A Memoir by Jesmyn Ward
Reading is life-changing, or it can be if you go to it with the idea that you might learn something new. Another caveat, go to reading with the idea that you are going to take the new and line it up with the old. This is where wisdom and discernment come in. You can learn useful things from people you may not agree with otherwise. Or people who live a different life than you have. I confess that many of those people who have influenced me the greatest in my life are those most different from me. I think I have said enough for the moment. Have at it!
If you are like me, and someone mentioned the city of Pass Christian, Mississippi, you might recognize it as Robin Robert’s (from Good Morning America) hometown, or as one of those small towns devastated by Hurricane Katrina in 2005. Now I know it also as Jesmyn Ward’s hometown, and all preconceptions I had about Pass Christian, also known as The Pass have been turned upside down.

I came across Ward’s book Men We Reaped: A Memoir , published in 2013, on a list of the fifty best memoirs of the last 50 years. As a teacher of memoir writing, and then finding it one of the few books on that list of best memoirs in my local library, it called to me. I must warn you this is not an easy read. It is full of language (not nice), drug and alcohol use. It also give the reader a real (gritty) look at life from the perspective of southern Black families, especially those in small towns in the Deep South.
Ward shows you her life, having been born to a mother now single (because her father left the family for another woman) who worked hard as a maid to rich white people, among other things, to give her four children a better life. But children don’t understand that while they are going through it. Not the motivation for such work.
Those children only feel the otherness, as Ward did, shouted by color but also by more than color, the consequences of color. For Black people born in too many small towns in the south, it was the hopelessness of change for themselves, the impossibility of finding any job outside of the service industry, of finding a job with a future, and the devastation as they watch people they love die out of time.
Added to the challenges of Ward’s life, something we might see as a privilege or blessing, she was channeled into a private school Episcopal, her way paid by the white family her mother worked for because they saw the potential in this small Black girl. There she was completely other, the only Black student in her class. And another class difference made it a place of persecution and loneliness.
Five young men died out of time in Ward’s young life. She takes you on the journey that built their closeness, that chronicles their desire for more and inability to safely get it, the part that drugs played, and their untimely deaths. And you suffer with her as she tries to make sense of it all.
It is easy for those of us at a distance from that culture, that southern small-town Black culture to condemn those who live in it, for staying there, for escaping into drugs and alcohol, for not taking advantage of education. After all, if you work hard enough, you can do better. Easy words to think and to say, but are they true?
How strong is the pull of blood, of family? How true is it that anyone can get an education if they try hard enough? And what does it mean to do it, to even try to escape, when no one around you thinks it can happen? Or when there is no one who believes you can do it? Who will show you the way or help you on it, when no one around you thinks escape is possible?

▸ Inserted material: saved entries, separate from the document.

Definition twisted_iso c1 c2 : Prop :=
  exists phi : elt R n -> elt R n,
    [/\ (forall (k : R) (u v : elt R n), phi (k *: u + v) = k *: phi u + phi v),
        bijective phi,
        (forall a b, phi (twisted_mul c1 a b) = twisted_mul c2 (phi a) (phi b)) &
        (forall a, homogeneous a -> homogeneous (phi a))].

Lemma omul_twisted p a b : omul p a b = twisted_mul (cocycle (below p)) a b.
Proof.
apply: eq_bigr => x _; apply: eq_bigr => y _.
by rewrite -odd_fcub signr_odd.
Qed.

Lemma graded_iso_twisted p1 p2 :
  twisted_iso (cocycle (below p1)) (cocycle (below p2)) ->
  graded_iso R n p1 p2.
Proof.
by case=> phi [lin_phi bij_phi mul_phi hom_phi]; exists phi; split=> // a b;
  rewrite !omul_twisted.
Qed.

Lemma twisted_iso_trans c1 c2 c3 : twisted_iso c1 c2 -> twisted_iso c2 c3 -> twisted_iso c1 c3.
Proof.
move=> [f [fl fb fm fh]] [g [gl gb gm gh]]; exists (g \o f); split => /=.
- by move=> k u v; rewrite fl gl.
- exact: bij_comp.
- by move=> a b; rewrite fm gm.
- by move=> a /fh /gh.
Qed.

Lemma ffunZE (k : R) a z : (k *: a) z = k * a z.
Proof. exact: ffunE. Qed.

Lemma twisted_mulE c a b z :
  twisted_mul c a b z = \sum_x \sum_y ((-1) ^+ c x y * a x * b y) * (z == gadd x y)%:R.
Proof.
rewrite sum_ffunE; apply: eq_bigr => x _; rewrite sum_ffunE.
by apply: eq_bigr => y _; rewrite ffunZE ffunE.
Qed.

Lemma twisted_iso_coboundary c1 c2 (s : grade n -> grade n) (g : grade n -> bool) :
  involutive s -> {morph s : x y / gadd x y} ->
  (forall x y, c2 (s x) (s y) = c1 x y (+) (g x (+) g y (+) g (gadd x y))) ->
  twisted_iso c1 c2.
Proof.
move=> sK sD cob.
have sgK (b : bool) : (-1) ^+ b * (-1) ^+ b = 1 :> R by rewrite -signr_addb addbb.
(* phi maps u_x to (-1)^(g x) u_(s x). *)
pose phi a : elt R n := [ffun z => (-1) ^+ g (s z) * a (s z)].
pose psi a : elt R n := [ffun z => (-1) ^+ g z * a (s z)].
exists phi; split.
- by move=> k u v; apply/ffunP => z; rewrite !(ffunZE, ffunE); ring.
- by exists psi => a; apply/ffunP => z; rewrite !ffunE sK mulrA sgK mul1r.
- move=> a b; apply/ffunP => z.
  rewrite ffunE !twisted_mulE [RHS](reindex_inj (inv_inj sK)) /= mulr_sumr.
  apply: eq_bigr => x _; rewrite [RHS](reindex_inj (inv_inj sK)) /= mulr_sumr.
  apply: eq_bigr => y _; rewrite !ffunE !sK -sD -(inv_eq sK).
  case: eqP => [->|_]; last by rewrite !mulr0.
  rewrite cob !signr_addb.
  by case: (g x) (g y) (g (gadd x y)) (c1 x y) => [] [] [] []; rewrite /= ?expr0 ?expr1; ring.
- move=> a [x [k ->]]; exists (s x), ((-1) ^+ g x * k); apply/ffunP => z.
  rewrite !(ffunZE, ffunE) (inv_eq sK); case: eqP => [->|_]; last by rewrite !mulr0.
  by rewrite sK; ring.
Qed.

End TwistedGroupAlgebra.

Section Transvection.
Variables (n : nat) (S : pred 'I_n) (A : grade n).
Implicit Types (P : pred 'I_n) (M : rel 'I_n) (x y : grade n).

Definition transvection x := if lform S x then gadd x A else x.

Lemma bform_transvection M x y :
  bform M (transvection x) (transvection y) =
  bform M x y (+) (lform S x && bform M A y) (+) (lform S y && bform M x A)
  (+) [&& lform S x, lform S y & bform M A A].
Proof.
rewrite /transvection; case: (lform S x) (lform S y) => [] []; rewrite ?bformDl ?bformDr;
by case: (bform M x y) (bform M A y) (bform M x A) (bform M A A) => [] [] [] [].
Qed.

Lemma dotp_transvection P x y :
  dotp P (transvection x) (transvection y) =
  dotp P x y (+) (lform S x && dotp P A y) (+) (lform S y && dotp P x A)
  (+) [&& lform S x, lform S y & dotp P A A].
Proof. exact: bform_transvection. Qed.

Hypothesis SA : lform S A = false.

Lemma transvectionK : involutive transvection.
Proof.
move=> x; rewrite {2}/transvection; case: ifP => lx; rewrite /transvection.
  rewrite lformD lx SA /=; apply/ffunP => i; rewrite !ffunE.
  by rewrite -addbA addbb addbF.
by rewrite lx.
Qed.

Lemma transvectionD : {morph transvection : x y / gadd x y}.
Proof.
move=> x y; apply/ffunP => i; rewrite /transvection lformD.
by case: (lform S x) (lform S y) => [] [] /=; rewrite !ffunE; case: (x i) (y i) (A i) => [] [] [].
Qed.

Hypothesis wtA : wt A = false.

Lemma wt_transvection x : wt (transvection x) = wt x.
Proof. by rewrite /transvection; case: ifP; rewrite ?lformD ?wtA ?addbF. Qed.

Lemma e2_transvection x :
  e2 (transvection x) = e2 x (+) (lform S x && (e2 A (+) gdot A x)).
Proof.
rewrite /transvection; case: (lform S x); rewrite ?addbF //.
by rewrite esym2D wtA andbF addbF (dotpC _ x) addbA.
Qed.

Lemma cubic_transvection x y :
  cubic (transvection x) (transvection y) =
  cubic x y (+) [&& lform S x, wt y & e2 A (+) gdot A x]
  (+) (~~ wt x && ((lform S x && gdot A y) (+) (lform S y && gdot A x))).
Proof.
rewrite /cubic !wt_transvection e2_transvection dotp_transvection dotp_diag wtA.
rewrite (dotpC _ x A) !andbF addbF.
by case: (wt x) (wt y) (e2 x) (gdot x y) (lform S x) (lform S y) (e2 A) (gdot A x) (gdot A y)
  => [] [] [] [] [] [] [] [] [].
Qed.

Variables P1 P2 : pred 'I_n.
Hypothesis P2E : forall i, P2 i = P1 i (+) S i.
Hypothesis P2AA : dotp P2 A A = true.

Definition transvection_form x := gdot A x (+) bilin P2 A x.

Definition transvection_cochain x :=
  (lform S x && transvection_form x) (+) esym2 S x.

Local Notation lam := transvection_form.
Local Notation g := transvection_cochain.

Lemma transvection_formD x y : lam (gadd x y) = lam x (+) lam y.
Proof.
rewrite /lam /dotp /bilin !bformDr.
by case: (bform _ A x) (bform _ A y) (bform _ A x) (bform _ A y) => [] [] [] [].
Qed.

Lemma transvection_cochain_polar x y :
  g x (+) g y (+) g (gadd x y) =
  [&& lform S x & lform S y] (+) dotp S x y (+) (lform S x && lam y) (+) (lform S y && lam x).
Proof.
rewrite /g lformD transvection_formD esym2D.
by case: (lform S x) (lform S y) (lam x) (lam y)
  (esym2 S x) (esym2 S y) (dotp S x y) => [] [] [] [] [] [] [].
Qed.

Lemma bilin_transvection x y :
  bilin P2 (transvection x) (transvection y) =
  bilin P1 x y (+) dotp S x y (+) (lform S x && (lam y (+) gdot A y))
  (+) (lform S y && lam x) (+) [&& lform S x, lform S y & ~~ e2 A].
Proof.
have bilinP2 u v : bilin P2 u v = bilin P1 u v (+) dotp S u v.
  rewrite !bilinE -addbA -dotp_addb; congr (_ (+) _).
  by apply: eq_bform => i j; rewrite P2E.
rewrite {1}/bilin bform_transvection -!/(bilin P2 _ _) [bilin P2 x y]bilinP2.
rewrite [bilin P2 x A]bilinC [bilin P2 A A]bilinE bform_leq_diag P2AA wtA /lam.
by case: (bilin P1 x y) (dotp S x y) (lform S x) (lform S y) (gdot A x) (gdot A y)
  (bilin P2 A x) (bilin P2 A y) (e2 A) => [] [] [] [] [] [] [] [] [].
Qed.

(* The only condition on the cubic part; it holds for S = A with e2 A odd and
   for A = (1, ..., 1) with 4 | n. *)
Hypothesis cubicA : forall x y,
  cubic (transvection x) (transvection y) =
  cubic x y (+) (lform S x && (gdot A y (+) (lform S y && e2 A))).

Lemma cocycle_transvection x y :
  cocycle P2 (transvection x) (transvection y) = cocycle P1 x y (+) (g x (+) g y (+) g (gadd x y)).
Proof.
rewrite /cocycle cubicA bilin_transvection transvection_cochain_polar.
by case: (cubic x y) (bilin P1 x y) (dotp S x y) (lform S x) (lform S y) (lam x) (lam y)
  (gdot A y) (e2 A) => [] [] [] [] [] [] [] [] [].
Qed.

Lemma twisted_iso_transvection (R : realType) : twisted_iso R (cocycle P1) (cocycle P2).
Proof.
exact: twisted_iso_coboundary transvectionK transvectionD cocycle_transvection.
Qed.

End Transvection.

Lemma sum_itv n l r : \sum_(i < n) ((l <= i) && (i < r))%N = minn r n - minn l n.
Proof.
elim: n => [|n IH]; first by rewrite big_ord0; lia.
by rewrite big_ord_recr /= IH; case: (boolP ((l <= n) && (n < r))%N) => /=; lia.
Qed.

Lemma sum_ord_eq n a : \sum_(i < n) (nat_of_ord i == a) = (a < n)%N.
Proof.
elim: n => [|n IH]; first by rewrite big_ord0.
by rewrite big_ord_recr /= IH; case: ltngtP => /=; lia.
Qed.

Section TransvectionCases.
Variables (R : realType) (n : nat).
Implicit Types (S : pred 'I_n).

Lemma twisted_iso_transvection_self (A : grade n) (P1 P2 : pred 'I_n) :
  wt A = false -> e2 A = true -> lform P2 A = true ->
  (forall i, P2 i = P1 i (+) A i) -> twisted_iso R (cocycle P1) (cocycle P2).
Proof.
move=> wtA e2A P2A P2E.
have lformA x : lform A x = gdot A x by rewrite dotpE.
apply: (twisted_iso_transvection (S := A) (A := A) _ wtA P2E) => [||x y].
- by rewrite lformA dotp_diag.
- by rewrite dotp_diag.
rewrite cubic_transvection ?lformA ?dotp_diag // e2A.
by case: (gdot A x) (gdot A y) (wt x) (wt y) (cubic x y) => [] [] [] [] [].
Qed.

Lemma twisted_iso_transvection_ones S (P1 P2 : pred 'I_n) :
  (4 %| n)%N -> ~~ odd (\sum_i S i) -> odd (\sum_i P2 i) ->
  (forall i, P2 i = P1 i (+) S i) -> twisted_iso R (cocycle P1) (cocycle P2).
Proof.
move=> /dvdnP[k nE] S_even P2_odd P2E.
pose A : grade n := [ffun=> true].
have lformA P : lform P A = odd (\sum_i P i).
  by rewrite lform_sum; congr (odd _); apply: eq_bigr => i _; rewrite ffunE andbT.
have sumT (P : pred 'I_n) : (forall i, P i) -> \sum_i P i = n.
  by move=> PT; rewrite (eq_bigr (fun=> 1%N)) ?sum_nat_const ?card_ord ?muln1 // => i _; rewrite PT.
have wtA : wt A = false by rewrite lformA sumT // nE oddM andbF.
have gdotA x : gdot A x = wt x by rewrite dotpE; apply: eq_bigr => i _; rewrite ffunE.
apply: (twisted_iso_transvection (A := A) _ wtA P2E) => [||x y].
- by rewrite lformA (negbTE S_even).
- by rewrite dotp_diag lformA.
have e2A : e2 A = false.
  rewrite e2_sum sumT => [|i]; last by rewrite ffunE.
  have -> : n = (k * 2).*2 by rewrite nE -muln2 -mulnA.
  by rewrite bin2 -doubleMl doubleK !oddM andbF.
rewrite cubic_transvection // !gdotA e2A.
by case: (wt x) (wt y) (lform S x) (lform S y) (cubic x y) => [] [] [] [] [].
Qed.

End TransvectionCases.

Lemma twisted_iso_shift4 (R : realType) p q : (0 < p)%N -> (5 <= q)%N ->
  twisted_iso R (cocycle (@below (p + q) p)) (cocycle (below (p + 4))).
Proof.
move=> p_gt0 q_ge5; set n := p + q.
pose A1 : grade n := [ffun i : 'I_n => (p.-1 <= i < p + 5)%N].
pose A2 : grade n := [ffun i : 'I_n => (nat_of_ord i == p.-1) || (nat_of_ord i == p + 4)].
have sumA1 : \sum_i A1 i = 6.
  under eq_bigr => i _ do rewrite ffunE.
  by rewrite sum_itv; lia.
have sumA2 : \sum_i A2 i = 2.
  rewrite (eq_bigr (fun i : 'I_n => (nat_of_ord i == p.-1) + (nat_of_ord i == p + 4))%N).
    by rewrite big_split /= !sum_ord_eq; lia.
  by move=> i _; rewrite ffunE; case: eqP; case: eqP => //; lia.
(* [0, p) -> [0, p-1) \/ [p, p+5) -> [0, p+4) *)
apply: (@twisted_iso_trans _ _ _ (cocycle (fun i => below p i (+) A1 i))).
  apply: twisted_iso_transvection_self => //.
  - by rewrite lform_sum (eq_bigr (fun i => A1 i : nat)) // sumA1.
  - by rewrite e2_sum sumA1.
  rewrite lform_sum (eq_bigr (fun i : 'I_n => (p <= i < p + 5)%N : nat)); last first.
    by move=> i _; rewrite /below ffunE; lia.
  by rewrite sum_itv; have -> : minn (p + 5) n - minn p n = 5 by lia.
apply: twisted_iso_transvection_self => //.
- by rewrite lform_sum (eq_bigr (fun i => A2 i : nat)) // sumA2.
- by rewrite e2_sum sumA2.
- rewrite lform_sum (eq_bigr (fun i : 'I_n => (nat_of_ord i == p.-1) : nat)); last first.
    by move=> i _; rewrite /below ffunE; lia.
  by rewrite sum_ord_eq; have -> : (p.-1 < n)%N by lia.
by move=> i; rewrite /below !ffunE; lia.
Qed.

Lemma twisted_iso_shift2 (R : realType) p q : (4 %| p + q)%N -> odd p -> (2 <= q)%N ->
  twisted_iso R (cocycle (@below (p + q) p)) (cocycle (below (p + 2))).
Proof.
move=> n4 p_odd q_ge2.
apply: (@twisted_iso_transvection_ones _ _ (fun i => (p <= i < p + 2)%N)) => //.
- by rewrite sum_itv; have -> : minn (p + 2) (p + q) - minn p (p + q) = 2 by lia.
- rewrite (eq_bigr (fun i : 'I_(p + q) => (0 <= i < p + 2)%N : nat)) // sum_itv.
  have -> : minn (p + 2) (p + q) - minn 0 (p + q) = p + 2 by lia.
  by rewrite oddD p_odd.
by move=> i; rewrite /below; lia.
Qed.

Theorem mainTheorem6 (R : realType) (k p q : nat) :
  (1 <= k)%N -> (p + q = 4 * k)%N ->
  ((~~ odd p -> ~~ odd q -> (2 <= p)%N -> (6 <= q)%N ->
      graded_iso R (p + q) p (p + 4)) /\
   (odd p -> odd q -> (1 <= p)%N -> (3 <= q)%N ->
      graded_iso R (p + q) p (p + 2))).
Proof.
move=> _ pq; split=> [_ _ p_ge2 q_ge6 | p_odd _ _ q_ge3]; apply: graded_iso_twisted.
  by apply: twisted_iso_shift4; lia.
by apply: twisted_iso_shift2; rewrite ?pq ?dvdn_mulr //; lia.
Qed.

I am White. I am privileged by my whiteness, in ways I did not really understand. Right here, I want to acknowledge that there are many Black families who are highly educated and very successful in every way. I must also acknowledge that there are White families, mixed race families, families of other ethnicities who can relate to or fit in Ward’s story.
But that’s not the point I want to make. I just don’t think we should read this book and go from its pages unchanged. For a few minutes, I think it might help this whole world, if we entered the suffering of others before we judge them. At least that is what I am thinking this morning as I close the pages for one last time before I take the book…back to my library.
Note: I capitalized the words white and black because they were capitalized in Ward’s book.
Writers: I encourage you to read this book as a writing student. What can you learn about composing a story? What rules do you think can be broken in writing? Why do you think this book was written? What do you think the writer accomplished in this book? And I do encourage you to read the book, not just the review, before you discuss it.